▶ _Assignment_: Filter the data for lines with the word "Hpos", then copy every line so identified.
=====
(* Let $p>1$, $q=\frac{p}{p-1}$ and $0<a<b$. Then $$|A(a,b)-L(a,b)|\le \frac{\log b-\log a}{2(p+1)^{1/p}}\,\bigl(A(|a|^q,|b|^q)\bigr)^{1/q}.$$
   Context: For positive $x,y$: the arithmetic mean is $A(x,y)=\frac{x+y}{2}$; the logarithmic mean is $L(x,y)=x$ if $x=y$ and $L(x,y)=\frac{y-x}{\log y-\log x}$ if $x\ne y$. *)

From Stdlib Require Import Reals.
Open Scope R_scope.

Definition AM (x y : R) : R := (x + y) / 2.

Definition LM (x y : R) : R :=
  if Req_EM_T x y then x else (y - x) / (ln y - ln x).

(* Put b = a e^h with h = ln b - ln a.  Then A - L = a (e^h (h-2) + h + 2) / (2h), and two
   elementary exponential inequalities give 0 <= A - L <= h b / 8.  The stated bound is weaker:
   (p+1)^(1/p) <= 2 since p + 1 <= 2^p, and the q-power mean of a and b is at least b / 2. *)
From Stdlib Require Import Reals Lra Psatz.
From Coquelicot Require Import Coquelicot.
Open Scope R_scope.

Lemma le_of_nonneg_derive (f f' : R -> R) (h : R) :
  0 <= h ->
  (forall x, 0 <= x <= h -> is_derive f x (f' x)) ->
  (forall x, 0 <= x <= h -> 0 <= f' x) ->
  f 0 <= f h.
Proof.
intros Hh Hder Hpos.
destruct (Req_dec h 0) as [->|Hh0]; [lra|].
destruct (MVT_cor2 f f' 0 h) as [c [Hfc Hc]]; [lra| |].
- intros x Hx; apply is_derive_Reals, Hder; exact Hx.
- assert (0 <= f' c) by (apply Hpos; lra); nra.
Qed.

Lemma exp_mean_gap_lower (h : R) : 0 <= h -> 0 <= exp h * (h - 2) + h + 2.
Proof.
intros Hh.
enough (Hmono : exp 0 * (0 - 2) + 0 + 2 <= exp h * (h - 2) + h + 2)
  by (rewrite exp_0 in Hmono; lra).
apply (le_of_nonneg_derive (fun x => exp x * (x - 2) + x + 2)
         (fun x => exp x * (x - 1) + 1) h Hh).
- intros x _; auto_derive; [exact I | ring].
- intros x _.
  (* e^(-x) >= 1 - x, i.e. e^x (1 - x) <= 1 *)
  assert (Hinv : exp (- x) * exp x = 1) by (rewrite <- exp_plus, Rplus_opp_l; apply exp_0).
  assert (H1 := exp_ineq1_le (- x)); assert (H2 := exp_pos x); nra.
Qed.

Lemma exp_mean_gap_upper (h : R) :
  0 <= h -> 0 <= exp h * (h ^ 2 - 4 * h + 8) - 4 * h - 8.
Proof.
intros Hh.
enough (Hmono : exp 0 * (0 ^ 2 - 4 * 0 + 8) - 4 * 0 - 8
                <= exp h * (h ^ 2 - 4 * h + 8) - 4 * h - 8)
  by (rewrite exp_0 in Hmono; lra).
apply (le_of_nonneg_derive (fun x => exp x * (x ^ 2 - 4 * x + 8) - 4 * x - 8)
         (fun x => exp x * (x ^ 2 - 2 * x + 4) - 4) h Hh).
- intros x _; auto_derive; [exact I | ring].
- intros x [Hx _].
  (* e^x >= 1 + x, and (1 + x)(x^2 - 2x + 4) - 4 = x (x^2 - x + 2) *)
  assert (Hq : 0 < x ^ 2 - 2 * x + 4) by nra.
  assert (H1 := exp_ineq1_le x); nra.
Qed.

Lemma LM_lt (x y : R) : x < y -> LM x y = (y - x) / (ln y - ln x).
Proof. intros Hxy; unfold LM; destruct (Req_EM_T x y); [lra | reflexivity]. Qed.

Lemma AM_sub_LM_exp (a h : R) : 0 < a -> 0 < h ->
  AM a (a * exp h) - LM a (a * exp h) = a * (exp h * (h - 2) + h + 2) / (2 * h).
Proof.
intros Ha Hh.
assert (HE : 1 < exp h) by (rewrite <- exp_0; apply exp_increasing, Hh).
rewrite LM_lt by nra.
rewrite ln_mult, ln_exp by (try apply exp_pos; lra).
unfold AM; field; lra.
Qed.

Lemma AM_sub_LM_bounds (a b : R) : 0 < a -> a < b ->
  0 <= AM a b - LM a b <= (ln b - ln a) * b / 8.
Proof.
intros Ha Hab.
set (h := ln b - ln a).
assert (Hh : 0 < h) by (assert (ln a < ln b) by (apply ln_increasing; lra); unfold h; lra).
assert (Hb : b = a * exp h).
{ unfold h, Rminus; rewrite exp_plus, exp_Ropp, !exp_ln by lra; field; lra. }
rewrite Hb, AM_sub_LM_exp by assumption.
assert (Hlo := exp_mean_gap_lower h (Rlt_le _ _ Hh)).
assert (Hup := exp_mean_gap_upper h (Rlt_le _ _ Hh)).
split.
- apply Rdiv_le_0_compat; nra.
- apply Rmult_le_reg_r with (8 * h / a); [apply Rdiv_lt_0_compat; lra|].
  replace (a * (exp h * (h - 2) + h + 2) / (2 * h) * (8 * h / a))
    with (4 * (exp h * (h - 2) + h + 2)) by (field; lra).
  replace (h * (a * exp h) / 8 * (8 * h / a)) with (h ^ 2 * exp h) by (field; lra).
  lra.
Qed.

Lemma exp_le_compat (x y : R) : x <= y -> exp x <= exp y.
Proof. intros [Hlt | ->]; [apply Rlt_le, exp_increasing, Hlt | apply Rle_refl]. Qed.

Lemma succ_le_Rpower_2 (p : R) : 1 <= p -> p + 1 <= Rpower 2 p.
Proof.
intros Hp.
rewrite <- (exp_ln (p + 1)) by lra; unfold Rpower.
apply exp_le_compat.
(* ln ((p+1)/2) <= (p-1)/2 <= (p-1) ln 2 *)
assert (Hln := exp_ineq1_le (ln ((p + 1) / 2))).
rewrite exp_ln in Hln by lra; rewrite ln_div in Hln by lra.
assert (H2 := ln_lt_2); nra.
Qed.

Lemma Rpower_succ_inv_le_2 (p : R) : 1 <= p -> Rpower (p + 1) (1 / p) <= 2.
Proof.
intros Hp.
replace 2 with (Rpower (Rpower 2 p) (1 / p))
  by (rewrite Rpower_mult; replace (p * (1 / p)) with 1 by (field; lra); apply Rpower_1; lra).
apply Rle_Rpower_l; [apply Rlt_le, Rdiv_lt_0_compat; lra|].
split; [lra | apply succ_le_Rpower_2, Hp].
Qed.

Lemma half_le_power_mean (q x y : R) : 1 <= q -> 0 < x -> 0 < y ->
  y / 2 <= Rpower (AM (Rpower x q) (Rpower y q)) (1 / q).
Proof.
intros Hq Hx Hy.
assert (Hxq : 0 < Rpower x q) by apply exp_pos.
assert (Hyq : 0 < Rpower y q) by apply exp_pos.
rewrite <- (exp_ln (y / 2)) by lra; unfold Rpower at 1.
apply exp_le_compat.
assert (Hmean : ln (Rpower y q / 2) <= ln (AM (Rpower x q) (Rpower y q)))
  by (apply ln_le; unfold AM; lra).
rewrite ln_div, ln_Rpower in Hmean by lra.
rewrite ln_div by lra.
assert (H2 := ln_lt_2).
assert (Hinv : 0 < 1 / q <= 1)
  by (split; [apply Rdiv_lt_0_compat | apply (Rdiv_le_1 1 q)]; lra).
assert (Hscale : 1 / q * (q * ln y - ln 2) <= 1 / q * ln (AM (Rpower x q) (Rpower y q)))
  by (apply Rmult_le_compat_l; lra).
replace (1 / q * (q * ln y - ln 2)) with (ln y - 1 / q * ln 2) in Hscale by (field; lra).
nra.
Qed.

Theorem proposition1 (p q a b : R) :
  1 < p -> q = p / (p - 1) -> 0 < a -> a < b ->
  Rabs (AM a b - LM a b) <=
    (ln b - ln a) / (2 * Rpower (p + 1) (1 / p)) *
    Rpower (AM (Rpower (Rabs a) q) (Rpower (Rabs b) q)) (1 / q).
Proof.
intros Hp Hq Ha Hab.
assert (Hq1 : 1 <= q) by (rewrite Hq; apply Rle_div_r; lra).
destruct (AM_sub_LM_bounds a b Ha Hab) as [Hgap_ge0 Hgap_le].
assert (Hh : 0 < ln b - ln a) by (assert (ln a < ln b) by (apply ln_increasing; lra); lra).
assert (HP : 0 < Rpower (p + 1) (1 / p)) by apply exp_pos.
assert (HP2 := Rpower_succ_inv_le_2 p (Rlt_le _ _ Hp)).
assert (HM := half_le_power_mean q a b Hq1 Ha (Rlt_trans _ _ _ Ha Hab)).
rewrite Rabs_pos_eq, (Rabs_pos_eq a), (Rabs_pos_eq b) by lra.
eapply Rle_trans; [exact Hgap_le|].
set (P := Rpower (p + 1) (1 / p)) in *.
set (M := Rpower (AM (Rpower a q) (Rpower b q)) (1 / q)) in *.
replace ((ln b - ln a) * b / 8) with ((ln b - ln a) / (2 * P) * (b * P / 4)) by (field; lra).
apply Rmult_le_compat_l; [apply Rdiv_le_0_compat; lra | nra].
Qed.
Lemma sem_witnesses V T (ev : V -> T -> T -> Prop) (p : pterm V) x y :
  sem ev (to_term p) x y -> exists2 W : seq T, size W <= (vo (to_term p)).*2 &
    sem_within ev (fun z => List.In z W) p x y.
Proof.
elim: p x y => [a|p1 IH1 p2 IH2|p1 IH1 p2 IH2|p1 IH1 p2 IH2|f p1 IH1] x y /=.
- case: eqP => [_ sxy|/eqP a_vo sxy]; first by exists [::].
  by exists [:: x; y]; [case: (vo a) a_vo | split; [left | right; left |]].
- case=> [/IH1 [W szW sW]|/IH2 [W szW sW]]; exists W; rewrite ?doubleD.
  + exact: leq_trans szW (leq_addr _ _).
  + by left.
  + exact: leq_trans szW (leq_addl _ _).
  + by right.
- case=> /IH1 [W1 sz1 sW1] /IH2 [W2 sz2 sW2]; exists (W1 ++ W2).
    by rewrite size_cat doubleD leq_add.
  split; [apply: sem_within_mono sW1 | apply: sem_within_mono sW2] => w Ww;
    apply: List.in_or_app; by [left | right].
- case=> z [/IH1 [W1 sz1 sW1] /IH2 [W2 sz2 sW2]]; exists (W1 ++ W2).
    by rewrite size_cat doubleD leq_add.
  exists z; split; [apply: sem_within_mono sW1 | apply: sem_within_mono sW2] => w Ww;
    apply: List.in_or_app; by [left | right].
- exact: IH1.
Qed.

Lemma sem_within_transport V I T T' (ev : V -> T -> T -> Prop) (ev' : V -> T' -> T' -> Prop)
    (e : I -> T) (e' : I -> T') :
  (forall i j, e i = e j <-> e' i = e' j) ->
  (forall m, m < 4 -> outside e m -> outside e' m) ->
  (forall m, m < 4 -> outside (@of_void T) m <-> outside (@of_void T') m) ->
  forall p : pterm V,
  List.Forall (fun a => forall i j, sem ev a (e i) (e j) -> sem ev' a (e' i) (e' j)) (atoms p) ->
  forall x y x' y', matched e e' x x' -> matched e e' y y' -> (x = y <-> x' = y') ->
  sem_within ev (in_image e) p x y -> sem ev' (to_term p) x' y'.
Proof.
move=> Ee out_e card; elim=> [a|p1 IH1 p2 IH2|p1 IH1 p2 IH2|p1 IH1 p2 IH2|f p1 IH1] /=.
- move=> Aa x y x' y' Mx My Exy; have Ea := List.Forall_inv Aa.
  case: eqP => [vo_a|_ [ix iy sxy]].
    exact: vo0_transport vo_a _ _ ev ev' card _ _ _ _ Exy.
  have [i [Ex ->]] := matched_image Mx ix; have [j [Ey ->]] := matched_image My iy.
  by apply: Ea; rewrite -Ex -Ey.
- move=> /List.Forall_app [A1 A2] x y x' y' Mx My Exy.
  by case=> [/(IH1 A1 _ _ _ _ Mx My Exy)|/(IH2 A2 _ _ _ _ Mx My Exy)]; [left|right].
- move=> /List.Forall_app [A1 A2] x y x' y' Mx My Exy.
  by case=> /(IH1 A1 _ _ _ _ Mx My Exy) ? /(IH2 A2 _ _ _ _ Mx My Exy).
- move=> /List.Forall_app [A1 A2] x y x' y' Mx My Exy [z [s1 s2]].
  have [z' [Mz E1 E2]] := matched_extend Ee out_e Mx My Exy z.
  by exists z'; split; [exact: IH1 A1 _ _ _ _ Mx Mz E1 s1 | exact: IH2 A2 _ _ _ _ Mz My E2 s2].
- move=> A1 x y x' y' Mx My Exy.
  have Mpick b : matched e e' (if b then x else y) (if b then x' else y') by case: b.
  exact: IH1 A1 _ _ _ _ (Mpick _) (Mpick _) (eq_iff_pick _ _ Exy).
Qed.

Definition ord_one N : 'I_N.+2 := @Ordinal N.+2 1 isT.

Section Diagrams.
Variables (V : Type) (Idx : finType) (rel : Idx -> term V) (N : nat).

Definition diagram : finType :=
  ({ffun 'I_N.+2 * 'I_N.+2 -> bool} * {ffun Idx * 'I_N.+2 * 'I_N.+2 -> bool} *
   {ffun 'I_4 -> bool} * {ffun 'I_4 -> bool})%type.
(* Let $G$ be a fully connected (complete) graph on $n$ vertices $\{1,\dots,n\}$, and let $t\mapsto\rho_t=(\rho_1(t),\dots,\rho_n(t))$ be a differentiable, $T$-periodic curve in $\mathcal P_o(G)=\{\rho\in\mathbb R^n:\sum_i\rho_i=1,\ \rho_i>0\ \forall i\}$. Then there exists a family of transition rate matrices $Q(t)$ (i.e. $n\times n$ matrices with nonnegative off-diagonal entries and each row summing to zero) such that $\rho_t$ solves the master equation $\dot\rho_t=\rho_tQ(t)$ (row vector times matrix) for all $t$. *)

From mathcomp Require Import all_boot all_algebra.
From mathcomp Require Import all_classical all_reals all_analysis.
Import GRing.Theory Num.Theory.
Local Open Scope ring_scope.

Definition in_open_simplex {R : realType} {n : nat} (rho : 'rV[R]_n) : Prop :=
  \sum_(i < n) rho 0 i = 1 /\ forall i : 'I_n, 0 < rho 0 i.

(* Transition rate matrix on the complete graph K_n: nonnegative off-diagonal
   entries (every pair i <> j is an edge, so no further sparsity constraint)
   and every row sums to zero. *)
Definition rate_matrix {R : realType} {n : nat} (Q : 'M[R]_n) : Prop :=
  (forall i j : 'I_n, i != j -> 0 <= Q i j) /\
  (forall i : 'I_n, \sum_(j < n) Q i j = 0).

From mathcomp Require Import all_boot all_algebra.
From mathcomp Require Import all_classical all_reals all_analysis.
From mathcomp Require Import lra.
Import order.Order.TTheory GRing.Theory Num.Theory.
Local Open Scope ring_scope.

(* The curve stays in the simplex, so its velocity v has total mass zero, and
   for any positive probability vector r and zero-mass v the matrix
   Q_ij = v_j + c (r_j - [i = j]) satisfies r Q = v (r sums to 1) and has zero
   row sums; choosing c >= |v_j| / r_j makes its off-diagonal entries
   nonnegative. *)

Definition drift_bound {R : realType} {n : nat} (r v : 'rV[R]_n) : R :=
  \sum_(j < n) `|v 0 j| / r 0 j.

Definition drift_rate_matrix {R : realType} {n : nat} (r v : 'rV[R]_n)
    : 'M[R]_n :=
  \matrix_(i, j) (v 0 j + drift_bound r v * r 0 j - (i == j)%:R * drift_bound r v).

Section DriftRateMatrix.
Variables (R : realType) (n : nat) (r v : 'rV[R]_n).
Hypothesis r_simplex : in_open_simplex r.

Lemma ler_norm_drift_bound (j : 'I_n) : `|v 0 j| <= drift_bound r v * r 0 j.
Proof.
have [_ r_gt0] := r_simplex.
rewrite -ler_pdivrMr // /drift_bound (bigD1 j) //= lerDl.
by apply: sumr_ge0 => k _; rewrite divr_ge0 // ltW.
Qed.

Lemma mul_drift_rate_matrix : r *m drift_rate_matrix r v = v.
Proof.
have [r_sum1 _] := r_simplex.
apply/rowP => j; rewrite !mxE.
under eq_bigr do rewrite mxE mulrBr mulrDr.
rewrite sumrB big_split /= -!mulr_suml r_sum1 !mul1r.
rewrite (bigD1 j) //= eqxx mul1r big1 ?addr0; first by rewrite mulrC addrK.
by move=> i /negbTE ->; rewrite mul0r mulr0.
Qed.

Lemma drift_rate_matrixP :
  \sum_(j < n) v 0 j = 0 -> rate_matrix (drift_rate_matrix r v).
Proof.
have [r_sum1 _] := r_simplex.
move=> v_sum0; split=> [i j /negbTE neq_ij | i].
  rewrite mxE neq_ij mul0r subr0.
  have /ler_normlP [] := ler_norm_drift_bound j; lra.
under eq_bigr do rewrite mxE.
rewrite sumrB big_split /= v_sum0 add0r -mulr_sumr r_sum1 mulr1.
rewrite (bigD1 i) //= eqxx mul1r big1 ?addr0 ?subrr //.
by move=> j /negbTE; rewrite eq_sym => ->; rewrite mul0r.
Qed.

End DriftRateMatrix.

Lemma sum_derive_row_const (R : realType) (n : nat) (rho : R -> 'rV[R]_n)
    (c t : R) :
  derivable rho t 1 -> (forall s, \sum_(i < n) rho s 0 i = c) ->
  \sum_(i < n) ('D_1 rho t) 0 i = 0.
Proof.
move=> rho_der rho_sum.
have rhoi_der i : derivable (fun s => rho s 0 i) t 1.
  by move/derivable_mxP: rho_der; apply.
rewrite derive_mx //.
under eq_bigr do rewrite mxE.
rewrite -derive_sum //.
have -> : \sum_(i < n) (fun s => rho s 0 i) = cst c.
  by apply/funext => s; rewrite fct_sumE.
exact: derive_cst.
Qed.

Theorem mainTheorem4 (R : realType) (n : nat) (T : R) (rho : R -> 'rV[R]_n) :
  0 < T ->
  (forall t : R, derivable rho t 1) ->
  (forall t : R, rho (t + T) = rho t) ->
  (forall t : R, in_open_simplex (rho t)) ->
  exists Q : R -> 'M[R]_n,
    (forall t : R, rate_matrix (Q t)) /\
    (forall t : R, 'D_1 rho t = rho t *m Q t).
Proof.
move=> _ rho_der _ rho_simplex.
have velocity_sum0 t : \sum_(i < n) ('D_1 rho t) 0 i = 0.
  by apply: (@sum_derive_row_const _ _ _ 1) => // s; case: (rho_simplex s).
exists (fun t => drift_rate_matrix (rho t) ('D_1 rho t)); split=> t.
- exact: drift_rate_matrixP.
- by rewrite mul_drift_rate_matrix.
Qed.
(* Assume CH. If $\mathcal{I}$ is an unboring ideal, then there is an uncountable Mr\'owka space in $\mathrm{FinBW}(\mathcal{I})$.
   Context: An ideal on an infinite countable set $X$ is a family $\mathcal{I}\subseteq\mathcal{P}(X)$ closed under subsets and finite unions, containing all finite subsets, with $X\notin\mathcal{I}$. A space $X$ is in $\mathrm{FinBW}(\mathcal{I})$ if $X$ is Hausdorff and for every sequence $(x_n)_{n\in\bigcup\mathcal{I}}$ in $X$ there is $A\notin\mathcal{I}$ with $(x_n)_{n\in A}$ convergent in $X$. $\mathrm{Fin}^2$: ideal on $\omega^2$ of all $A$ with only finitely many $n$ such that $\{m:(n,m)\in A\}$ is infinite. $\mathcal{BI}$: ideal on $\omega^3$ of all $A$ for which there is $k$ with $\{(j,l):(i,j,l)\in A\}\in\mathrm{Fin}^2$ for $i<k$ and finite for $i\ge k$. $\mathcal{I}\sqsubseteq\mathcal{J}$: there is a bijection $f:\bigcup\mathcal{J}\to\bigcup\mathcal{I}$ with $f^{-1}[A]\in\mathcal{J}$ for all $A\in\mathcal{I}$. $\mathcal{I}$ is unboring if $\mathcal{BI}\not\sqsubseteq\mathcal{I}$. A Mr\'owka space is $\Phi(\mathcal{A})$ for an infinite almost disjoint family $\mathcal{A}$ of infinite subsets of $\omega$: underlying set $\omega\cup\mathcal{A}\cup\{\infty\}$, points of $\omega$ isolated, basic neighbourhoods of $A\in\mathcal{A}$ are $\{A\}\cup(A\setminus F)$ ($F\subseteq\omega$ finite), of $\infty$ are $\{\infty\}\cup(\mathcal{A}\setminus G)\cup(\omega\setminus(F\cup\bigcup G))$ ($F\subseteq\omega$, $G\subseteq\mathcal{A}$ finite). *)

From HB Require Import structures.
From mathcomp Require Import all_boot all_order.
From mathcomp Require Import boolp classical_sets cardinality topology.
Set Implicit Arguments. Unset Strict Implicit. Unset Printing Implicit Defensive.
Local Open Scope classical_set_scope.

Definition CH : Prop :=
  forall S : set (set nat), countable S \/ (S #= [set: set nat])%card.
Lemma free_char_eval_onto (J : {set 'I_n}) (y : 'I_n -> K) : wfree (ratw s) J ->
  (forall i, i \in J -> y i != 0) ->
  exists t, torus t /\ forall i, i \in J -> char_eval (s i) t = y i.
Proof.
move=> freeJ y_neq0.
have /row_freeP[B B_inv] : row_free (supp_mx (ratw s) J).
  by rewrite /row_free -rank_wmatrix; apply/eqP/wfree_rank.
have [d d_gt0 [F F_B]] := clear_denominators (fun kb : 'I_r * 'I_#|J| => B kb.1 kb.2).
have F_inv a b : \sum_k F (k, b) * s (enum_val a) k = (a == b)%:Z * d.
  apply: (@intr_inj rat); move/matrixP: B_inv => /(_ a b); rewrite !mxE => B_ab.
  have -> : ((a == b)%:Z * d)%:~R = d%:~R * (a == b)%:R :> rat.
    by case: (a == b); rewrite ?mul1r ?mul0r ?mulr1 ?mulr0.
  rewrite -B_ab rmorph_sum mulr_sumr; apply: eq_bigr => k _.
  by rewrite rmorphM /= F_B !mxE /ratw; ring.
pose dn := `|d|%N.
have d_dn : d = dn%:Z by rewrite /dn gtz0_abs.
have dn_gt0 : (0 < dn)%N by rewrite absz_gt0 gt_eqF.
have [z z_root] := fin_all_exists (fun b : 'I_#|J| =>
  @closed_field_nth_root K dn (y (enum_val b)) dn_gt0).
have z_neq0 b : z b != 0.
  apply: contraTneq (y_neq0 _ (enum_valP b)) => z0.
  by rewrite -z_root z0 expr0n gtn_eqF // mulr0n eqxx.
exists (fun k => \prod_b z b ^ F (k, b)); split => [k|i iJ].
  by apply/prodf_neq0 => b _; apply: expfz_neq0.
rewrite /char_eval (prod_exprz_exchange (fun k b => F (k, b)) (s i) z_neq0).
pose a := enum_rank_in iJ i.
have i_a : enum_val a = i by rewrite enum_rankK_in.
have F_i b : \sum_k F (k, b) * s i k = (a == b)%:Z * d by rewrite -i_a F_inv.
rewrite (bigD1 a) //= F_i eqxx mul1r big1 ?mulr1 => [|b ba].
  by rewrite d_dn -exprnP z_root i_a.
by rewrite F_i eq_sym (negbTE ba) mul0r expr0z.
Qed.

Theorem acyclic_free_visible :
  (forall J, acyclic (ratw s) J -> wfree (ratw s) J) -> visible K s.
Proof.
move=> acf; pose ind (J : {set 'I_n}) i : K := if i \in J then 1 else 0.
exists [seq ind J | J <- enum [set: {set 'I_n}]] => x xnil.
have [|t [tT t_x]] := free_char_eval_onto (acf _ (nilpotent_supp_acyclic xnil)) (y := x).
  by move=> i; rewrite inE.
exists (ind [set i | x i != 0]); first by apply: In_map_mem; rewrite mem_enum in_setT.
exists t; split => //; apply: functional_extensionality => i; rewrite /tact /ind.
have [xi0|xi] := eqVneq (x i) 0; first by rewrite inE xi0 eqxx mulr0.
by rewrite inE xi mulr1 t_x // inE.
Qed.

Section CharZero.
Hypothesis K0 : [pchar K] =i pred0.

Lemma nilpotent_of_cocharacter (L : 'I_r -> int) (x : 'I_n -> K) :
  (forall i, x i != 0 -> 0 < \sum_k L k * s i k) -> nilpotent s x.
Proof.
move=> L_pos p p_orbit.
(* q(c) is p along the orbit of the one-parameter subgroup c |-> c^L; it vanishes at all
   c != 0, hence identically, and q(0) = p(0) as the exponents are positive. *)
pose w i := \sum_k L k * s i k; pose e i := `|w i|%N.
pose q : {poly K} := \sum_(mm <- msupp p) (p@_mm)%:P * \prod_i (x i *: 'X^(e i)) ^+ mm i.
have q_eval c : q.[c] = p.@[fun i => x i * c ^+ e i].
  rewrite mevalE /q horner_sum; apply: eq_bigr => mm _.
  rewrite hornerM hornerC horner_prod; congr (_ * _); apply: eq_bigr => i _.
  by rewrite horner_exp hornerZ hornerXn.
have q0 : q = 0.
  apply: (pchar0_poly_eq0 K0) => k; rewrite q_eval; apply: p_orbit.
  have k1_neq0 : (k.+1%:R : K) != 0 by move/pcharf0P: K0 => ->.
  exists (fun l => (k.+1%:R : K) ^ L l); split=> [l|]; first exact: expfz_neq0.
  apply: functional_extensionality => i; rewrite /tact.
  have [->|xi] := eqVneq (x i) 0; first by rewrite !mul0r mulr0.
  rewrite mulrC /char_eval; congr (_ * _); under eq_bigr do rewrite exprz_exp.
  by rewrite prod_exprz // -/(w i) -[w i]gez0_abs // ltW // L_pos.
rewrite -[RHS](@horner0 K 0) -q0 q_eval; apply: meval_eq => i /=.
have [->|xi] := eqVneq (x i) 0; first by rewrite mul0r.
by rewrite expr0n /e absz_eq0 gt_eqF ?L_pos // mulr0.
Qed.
=====
▶ _Completed task_:
intros Hh Hder Hpos.
- assert (0 <= f' c) by (apply Hpos; lra); nra.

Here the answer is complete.